Review of “Space Episode” (1941) by Leslie Perri, “Recruiting Officer” (1955) by Alice Eleanor Jones, “When I Was Miss Dow” (1966) by Sonya Dorman

By Ian Sales

“Space Episode”, Leslie Perri (1941)

Leslie Perri was the pen-name of Doris Marie Claire Baumgardt, a member of the Futurians, who was married, at different times, to two sf writers, Frederik Pohl and Richard Wilson. She wrote extensively for fanzines, and edited a movie magazine, but only published three short stories – in science fiction magazines edited by other Futurians. She also contributed illustrations to Astonishing Stories when it was edited by Pohl.
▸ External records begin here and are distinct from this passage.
Lemma vertices_ins t v : isSome (label t v) ->
  exists A S B, vertices t = A ++ S ++ B /\
    vertices (ins_at t v c t2) = map (shift_addr v) A ++ v ::
      map (shift_addr v) S ++ map (graft_addr v) (vertices t2) ++ map (shift_addr v) B.
Proof.
elim: v t => [|x v IH] [|a l r] //=; rewrite ?label_leaf //.
  by move=> _; exists [::], (vertices (BNode a l r)), [::]; rewrite /= !cats0.
rewrite label_cons => vt.
have shift_cons X :
    map (shift_addr (x :: v)) (map (cons x) X) = map (cons x) (map (shift_addr v) X).
  by rewrite -!map_comp; apply: eq_map => y /=; rewrite eqxx.
have shift_other b X : b != x -> map (shift_addr (x :: v)) (map (cons b) X) = map (cons b) X.
  by move=> bx; rewrite -map_comp; apply: eq_map => y /=; rewrite eq_sym (negbTE bx).
have graft_cons :
    map (graft_addr (x :: v)) (vertices t2) = map (cons x) (map (graft_addr v) (vertices t2)).
  by rewrite -map_comp.
case: x vt shift_cons shift_other graft_cons => vt shift_cons shift_other graft_cons.
  have [A [S [B [-> ins_r]]]] := IH r vt.
  exists ([::] :: map (cons false) (vertices l) ++ map (cons true) A), (map (cons true) S),
    (map (cons true) B).
  split; first by rewrite /= !map_cat -!catA.
  rewrite [LHS]/= ins_r map_cons /= !map_cat (shift_other false) // -!catA graft_cons !shift_cons.
  by rewrite map_cons !map_cat.
have [A [S [B [-> ins_l]]]] := IH l vt.
exists ([::] :: map (cons false) A), (map (cons false) S),
  (map (cons false) B ++ map (cons true) (vertices r)).
split; first by rewrite /= !map_cat -!catA.
rewrite [LHS]/= ins_l map_cons /= !map_cat (shift_other true) // -!catA graft_cons !shift_cons.
by rewrite map_cons !map_cat /= -!catA.
Qed.

End InsertionLabels.

(* Keep [/=] from unfolding [gamma] inside filter predicates; see [gammaE]. *)
Arguments gamma : simpl never.

Section RightAncestors.
Variable I : Type.
Implicit Types (t : btree I) (p : seq bool).

Definition right_ancestors t p : seq (seq bool) :=
  [seq w <- proper_prefixes p | has_two_children t w && in_right_subtree w p].

Lemma gammaE t p :
  gamma t (Some p) = if has_two_children t p then Some p else olast (right_ancestors t p).
Proof. by rewrite /gamma /right_ancestors proper_prefixesE; case: filter. Qed.

End RightAncestors.

Section FactorTransport.
Variables (I : Type) (d d' : I) (t t' : btree I) (o o' : option (seq bool)).
Variable f : seq bool -> seq bool.
Hypothesis fvert_f : fvert t' o' = map f (fvert t o).
Hypothesis lchild_f : {in fvert t o &, forall u w, lchild t' o' (f u) (f w) = lchild t o u w}.
Hypothesis rchild_f : {in fvert t o &, forall u w, rchild t' o' (f u) (f w) = rchild t o u w}.
Hypothesis color_f : {in fvert t o, forall u, color_at d' t' (f u) = color_at d t u}.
“Space Episode” is the earliest of Perri’s stories. It’s an odd piece—pulp sf, but a little late for pulp’s heyday, and yet the only character in the story with any sense is the female character. Two men and a woman, all adventurers, are returning to earth in their rocket when they encounter a micrometeoroid swarm. The swarm leaves “one of its members jammed in their forward facing rocket nozzles, the tubes which determined whether they would land safely or crash in a blaze on incandescence.” (The physics is correct, but more, I think, by accident than by design.) The meteoroids also destroyed the outer door of the airlock: whoever goes out to unblock the retro-rockets will not be able to re-enter. The two men have fallen apart, and so the woman takes charge—“There was only a sudden decision and she made it. This was her exit and to hell with heroes!” She sacrifices herself to fix the spaceship and save the lives of the men.

“Space Episode” is a story that would not have looked out of place in a magazine a decade earlier, except that the hero of the story is a woman and the two men are entirely useless. Given that Baumgardt was a Futurian, as was the editor of the magazine, Robert W. Lowndes, I suspect publication might have been seen as more in the nature of a thought experiment or a joke. Despite that, it presages quite effectively the feminist sf which would begin to appear in the 1950s, and so time has happily turned the “joke”—if it had been one, that is—on its head.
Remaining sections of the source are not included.